Schedule B Part III: Foreign Accounts and Trusts
Understand the disclosure requirements on IRS Schedule B for overseas financial interests and the additional reporting that may be necessary for compliance.
Understand the disclosure requirements on IRS Schedule B for overseas financial interests and the additional reporting that may be necessary for compliance.
IRS Form 1040 Schedule B is used to report interest and ordinary dividend income. However, Part III of the form also plays a role in international tax compliance by addressing foreign accounts and trusts, serving as a checkpoint for U.S. persons to disclose these arrangements. Taxpayers must complete this section if they have over $1,500 of taxable interest or ordinary dividends. Even if this income threshold is not met, Part III must still be completed by any U.S. person who had a foreign account or certain interactions with a foreign trust.
Part III of Schedule B functions as a disclosure mechanism for the U.S. government, promoting tax transparency and identifying individuals with potential foreign asset reporting obligations. The questions act as a preliminary screening tool, helping taxpayers and the IRS determine if more detailed information returns are necessary.
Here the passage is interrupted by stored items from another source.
Lemma Cts_alt_vol L n below : Cts (alt_vol L n below).
Proof.
  revert below; induction n as [|n IH]; intros [|]; simpl.
  1, 2: intros x; apply continuous_const.
  - apply Cts_RInt0, IH.
  - apply Cts_RInt_upto, IH.
Qed.

Lemma prod_r_app r l1 l2 : prod_r r (l1 ++ l2) = prod_r r l1 * prod_r r l2.
Proof. induction l1 as [|a l1 IH]; simpl; [ring|rewrite IH; ring]. Qed.

Lemma prod_r_rev r l : prod_r r (rev l) = prod_r r l.
Proof. induction l as [|a l IH]; simpl; [reflexivity|]. rewrite prod_r_app, IH; simpl; ring. Qed.

Section ChangeOfVariables.

Variables (xp : R) (Z dZ : R -> R).
Hypotheses (hxp : 0 < xp) (hZpos : forall x, 0 < Z x) (hZc : continuity Z)
  (hdZc : forall x, 0 <= x <= xp -> cont_within dZ 0 xp x)
  (hdZ : forall x, 0 < x < xp -> derivable_pt_lim Z x (dZ x)).

Lemma continuity_half_log_ratio x : continuity_pt (half_log_ratio Z) x.
Proof.
  unfold half_log_ratio. apply continuity_pt_minus; [|apply continuity_pt_const; intros ? ?; reflexivity].
  apply continuity_pt_div; [|apply continuity_pt_const; intros ? ?; reflexivity|lra].
  apply (continuity_pt_comp Z ln); [apply hZc|].
  apply derivable_continuous_pt. eexists. apply derivable_pt_lim_ln, hZpos.
Qed.

(* [dZ] is only continuous within [0,xp]; composing it with [clamp 0 xp] gives an
   integrand that is continuous on all of R and agrees with the original inside. *)
Lemma RInt_refl_coeff_subst Q a b : Cts Q -> 0 <= a <= b -> b <= xp ->
  ex_RInt (fun x => refl_coeff Z dZ x * Q (half_log_ratio Z x)) a b /\
  RInt (fun x => refl_coeff Z dZ x * Q (half_log_ratio Z x)) a b
  = RInt Q (half_log_ratio Z a) (half_log_ratio Z b).
Proof.
  intros hQ hab hb. set (v := half_log_ratio Z).
  set (fe := fun x => dZ (clamp 0 xp x) / (2 * Z x) * Q (v x)).
  assert (hfe : Cts fe).
  { intros x. apply continuity_pt_filterlim. unfold fe. apply continuity_pt_mult.
    - apply continuity_pt_div; [apply continuity_pt_clamp_comp; [lra|exact hdZc]| |].
      + apply continuity_pt_mult; [apply continuity_pt_const; intros ? ?; reflexivity|apply hZc].
      + specialize (hZpos x); lra.
    - apply (continuity_pt_comp v Q); [apply continuity_half_log_ratio|].
      apply continuity_pt_filterlim, hQ. }
  assert (heq : forall x, Rmin a b < x < Rmax a b -> fe x = refl_coeff Z dZ x * Q (v x)).
  { intros x hx. rewrite Rmin_left, Rmax_right in hx by lra.
    unfold fe, refl_coeff. rewrite clamp_id by lra. reflexivity. }
  split; [eapply ex_RInt_ext; [exact heq|apply ex_RInt_Cts, hfe]|].
  rewrite <- (RInt_ext fe) by exact heq.
  rewrite (RInt_by_interior_deriv (fun x => RInt Q 0 (v x)) fe a b); [|lra|exact hfe| |].
  - symmetry; apply RInt_Cts_sub0, hQ.
  - intros x _. apply (continuity_pt_comp v (fun s => RInt Q 0 s)); [apply continuity_half_log_ratio|].
    apply continuity_pt_filterlim, Cts_RInt0, hQ.
  - intros x hx. unfold fe. rewrite clamp_id by lra.
    change (is_derive (fun x => RInt Q 0 (v x)) x (scal (dZ x / (2 * Z x)) (Q (v x)))).
    apply (is_derive_comp (fun s => RInt Q 0 s) v); [apply is_derive_RInt0, hQ|].
    assert (hdx := hdZ x ltac:(lra)). apply is_derive_Reals in hdx.
    unfold v, half_log_ratio. specialize (hZpos x). auto_derive.
    + split; [eexists; exact hdx|lra].
    + replace (Derive (fun x0 => Z x0) x) with (dZ x) by (symmetry; apply is_derive_unique, hdx). field; lra.
Qed.

Lemma Defs_RInt_refl_coeff_subst Q a b c : Cts Q -> 0 <= a <= b -> b <= xp ->
  Defs.RInt (fun x => c * (refl_coeff Z dZ x * Q (half_log_ratio Z x))) a b
  = c * RInt Q (half_log_ratio Z a) (half_log_ratio Z b).
Proof.
  intros hQ hab hb.
  destruct (RInt_refl_coeff_subst Q a b hQ hab hb) as [hex heq].
  rewrite Defs_RInt_eq by apply (ex_RInt_scal (V:=R_NormedModule) _ a b c hex).
  assert (hscal := RInt_scal (V:=R_CompleteNormedModule) _ a b c hex).
  unfold scal in hscal; simpl in hscal; unfold mult in hscal; simpl in hscal.
  rewrite hscal, heq. reflexivity.
Qed.
Lemma mkproduct_preimage_snd x E : measurable E ->
  mkproduct k1 k2 x (snd @^-1` E) = \int[k1 x]_y k2 (x, y) E.
Proof.
move=> mE; rewrite mkproductE; last by rewrite -setTX; exact: measurableX.
by apply: eq_integral => y _; rewrite xsection_preimage_snd.
Qed.

Lemma integral_mkproduct_fst x (g : T1 -> \bar R) :
  (forall y, 0 <= g y) -> measurable_fun setT g ->
  \int[mkproduct k1 k2 x]_z g z.1 = \int[k1 x]_y g y.
Proof.
move=> g0 mg.
transitivity (\int[pushforward (mkproduct k1 k2 x) fst]_(y in setT) g y).
  by rewrite ge0_integral_pushforward // preimage_setT.
by apply: eq_measure_integral => A mA _; exact: mkproduct_preimage_fst.
Qed.

Lemma integral_mkproduct_snd x (g : T2 -> \bar R) :
  (forall z, 0 <= g z) -> measurable_fun setT g ->
  \int[mkproduct k1 k2 x]_z g z.2 = \int[k1 x]_y \int[k2 (x, y)]_z g z.
Proof.
move=> g0 mg.
transitivity (\int[pushforward (mkproduct k1 k2 x) snd]_(z in setT) g z).
  by rewrite ge0_integral_pushforward // preimage_setT.
rewrite -integral_kcomp //.
by apply: eq_measure_integral => A mA _; exact: mkproduct_preimage_snd.
Qed.

End kproduct_probability.

Section history_law.
Context (R : realType) {dX dY : measure_display}
  (SX : measurableType dX) (SY : measurableType dY)
  (sX0 : probability SX R) (kX : R.-pker (SX * SY)%type ~> SX)
  (sY0 : probability SY R) (sYn : forall T : nat, R.-pker (histS SX SY T) ~> SY).

Local Notation lastpair := (lastpair SX SY).

Lemma measurable_lastpair t : measurable_fun setT (lastpair t).
Proof. by case: t => [|t] /=; [exact: measurable_id | exact: measurable_snd]. Qed.

Definition kstage t : R.-pker (histS SX SY t) ~> (SX * SY)%type :=
  mkproduct (kprecomp kX (@measurable_lastpair t)) (kprecomp (sYn t) measurable_fst).

Fixpoint khistory t : R.-pker unit ~> histS SX SY t :=
  match t with
  | 0 => mkproduct (kprobability (measurable_cst (sX0 : pprobability SX R)))
          (kprecomp (kprobability (measurable_cst (sY0 : pprobability SY R))) measurable_fst)
  | t'.+1 => mkproduct (khistory t') (kprecomp (kstage t') measurable_snd)
  end.

Definition history_law t := khistory t tt.

Local Notation sXn := (fun (T : nat) (h : histS SX SY T) => kX (lastpair T h)).
Local Notation sYn' := (fun (T : nat) (h : histS SX SY T) => sYn T h).
Local Notation mu_ t := (@hmu _ _ _ _ _ sX0 sXn sY0 sYn' t).
Local Notation nu_ t := (hnu sX0 sXn sY0 sYn' t).

Lemma hmuE t A : measurable A -> mu_ t A = history_law t A.
Proof.
elim: t A => [|t IH] A mA; rewrite /history_law /= mkproductE //.
transitivity (\int[mu_ t]_h kstage t h (xsection A h)).
  congr (integral _ _ _); apply/funext => h.
  by rewrite /kstage mkproductE //; exact: measurable_xsection.
exact: eq_integral_measurable.
Qed.

Lemma integral_hnu t (g : SX * SY -> \bar R) : measurable_fun setT g ->
  (history_law t).-integrable setT (g \o lastpair t) ->
  \int[nu_ t]_z g z = \int[history_law t]_h g (lastpair t h).
Proof.
move=> mg ig.
transitivity (\int[pushforward (history_law t) (lastpair t)]_(z in setT) g z).
  apply: eq_integral_measurable => E mE; rewrite /hnu /pushforward hmuE //.
  by rewrite -[X in measurable X]setTI; exact: measurable_lastpair.
by rewrite (integral_pushforward (@measurable_lastpair t)) // preimage_setT.
Qed.

Lemma history_law_setT t : history_law t setT = 1.
Proof. exact: prob_kernel. Qed.

Lemma integral_history_law0_fst (g : SX -> \bar R) :
  (forall x, 0 <= g x) -> measurable_fun setT g ->
  \int[history_law 0]_h g (lastpair 0 h).1 = \int[sX0]_x g x.
Proof. exact: integral_mkproduct_fst. Qed.

Lemma integral_history_lawS_fst t (g : SX -> \bar R) :
  (forall x, 0 <= g x) -> measurable_fun setT g ->
  \int[history_law t.+1]_h g (lastpair t.+1 h).1
  = \int[history_law t]_h \int[kX (lastpair t h)]_x g x.
Proof.
move=> g0 mg; rewrite /history_law /=.
rewrite (integral_mkproduct_snd _ _ _ (g := fun z => g z.1)) //; last first.
  exact: measurableT_comp mg measurable_fst.
by apply: eq_integral => h _; exact: integral_mkproduct_fst.
Qed.

Lemma Rintegral_hnu t (u : SX * SY -> R) : measurable_fun setT u ->
  (exists M : R, forall z, (`|u z| <= M)%R) ->
  fine (\int[nu_ t]_z (u z)%:E) = (\int[history_law t]_h u (lastpair t h))%R.
Proof.
move=> mu [K uK]; rewrite /Rintegral integral_hnu //; first exact/measurable_EFinP.
apply: (bounded_integrable (history_law_setT t)); last by exists K.
exact: measurableT_comp mu (@measurable_lastpair t).
Qed.

Lemma Rintegral_hnu_norm_le t (u : SX * SY -> R) (K : R) : measurable_fun setT u ->
  (forall z, `|u z| <= K)%R -> (`|fine (\int[nu_ t]_z (u z)%:E)| <= K)%R.
Proof.
move=> mu uK; rewrite Rintegral_hnu //; last by exists K.
apply: (Rintegral_norm_le (history_law_setT t)) => [|h]; last exact: uK.
exact: measurableT_comp mu (@measurable_lastpair t).
Qed.

End history_law.

Local Close Scope ereal_scope.

Section nonnegative_potential.
Context (R : realType) {dX dY : measure_display}
  (SX : measurableType dX) (SY : measurableType dY)
  (sX0 : probability SX R) (kX : R.-pker (SX * SY)%type ~> SX)
  (sY0 : probability SY R) (sYn : forall T : nat, R.-pker (histS SX SY T) ~> SY).
Variables (psi : SX -> R) (M : R).
Hypotheses (mpsi : measurable_fun setT psi) (psi_ge0 : forall x, 0 <= psi x)
  (psiM : forall x, `|psi x| <= M).

Local Notation lastpair := (lastpair SX SY).
Local Notation law := (history_law sX0 kX sY0 sYn).
Local Notation sXn := (fun (T : nat) (h : histS SX SY T) => kX (lastpair T h)).
Local Notation sYn' := (fun (T : nat) (h : histS SX SY T) => sYn T h).
Local Notation payoff := (payoff sX0 sXn sY0 sYn').
Local Notation expected t u := (fine (\int[hnu sX0 sXn sY0 sYn' t]_z (u z)%:E)).

Let next_psi z := \int[kX z]_x psi x.
Let psi_at t := \int[law t]_h psi (lastpair t h).1.

Let kX_setT z : kX z setT = 1%E.
Proof. exact: prob_kernel. Qed.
The core of these questions revolves around “financial interest” and “signature authority.” A financial interest refers to ownership or equity in an account, while signature authority means having control over the disposition of assets in the account through direct communication with the financial institution. Answering “Yes” to these questions does not, by itself, create a tax liability, but it signals that other reporting requirements may apply.
Question 7a asks, “At any time during [the tax year], did you have a financial interest in or signature authority over a financial account (such as a bank account, securities account, or brokerage account) located in a foreign country?” A “financial account” includes traditional bank accounts plus securities, brokerage, and other types of accounts holding financial assets. The term “foreign country” encompasses all locations outside of the United States and its territories.
A “Yes” answer is required if you hold legal title to or have control over a foreign account. This leads to the second part of the question, which asks if you are required to file FinCEN Form 114, Report of Foreign Bank and Financial Accounts (FBAR). This filing requirement is triggered if the total, aggregate value of all foreign financial accounts exceeded $10,000 at any point during the calendar year.
This is an aggregate figure; even if no single account surpasses $10,000, the requirement applies if the combined highest balances of all accounts do. Question 7b then requires the taxpayer to list the name of each foreign country where a financial account is located.
Question 8 of Part III addresses relationships with foreign trusts. It asks, “During [the tax year], did you receive a distribution from, or were you the grantor of, or transferor to, a foreign trust?” This question is designed to identify U.S. persons with specific connections to these entities.
To answer accurately, one must understand the key terms. A “foreign trust” is any trust that a U.S. court cannot exercise primary supervision over. A “distribution” is any payment received from the trust, and a “grantor” or “transferor” is the individual who created the trust or transferred property to it.
If a taxpayer received money or property from a foreign trust, created one, or moved assets into one during the year, they must check “Yes.” A “Yes” answer suggests a potential requirement to file Form 3520, Annual Return To Report Transactions With Foreign Trusts and Receipt of Certain Foreign Gifts.
Answering “Yes” on Schedule B, Part III, may trigger the need to file additional informational returns. For those with an FBAR requirement, FinCEN Form 114 is not filed with a federal income tax return. It must be submitted electronically through the Financial Crimes Enforcement Network’s (FinCEN) BSA E-Filing System. The annual deadline for the FBAR is April 15, but an automatic extension to October 15 is granted.
For trust-related issues, Form 3520 is filed directly with the IRS, and its due date aligns with the filer’s income tax return, including extensions.
In cases where the taxpayer is the U.S. owner of a foreign trust, they may also need to ensure the trust files Form 3520-A. This form is due by the 15th day of the third month after the trust’s tax year ends, which is March 15 for a calendar-year trust. An extension for Form 3520-A requires a separate application, Form 7004.
If the foreign trust fails to file a required Form 3520-A, the responsibility shifts to the U.S. owner. The owner must then complete and attach a substitute Form 3520-A to their own Form 3520, and the due date for the substitute form becomes the same as the due date for the Form 3520.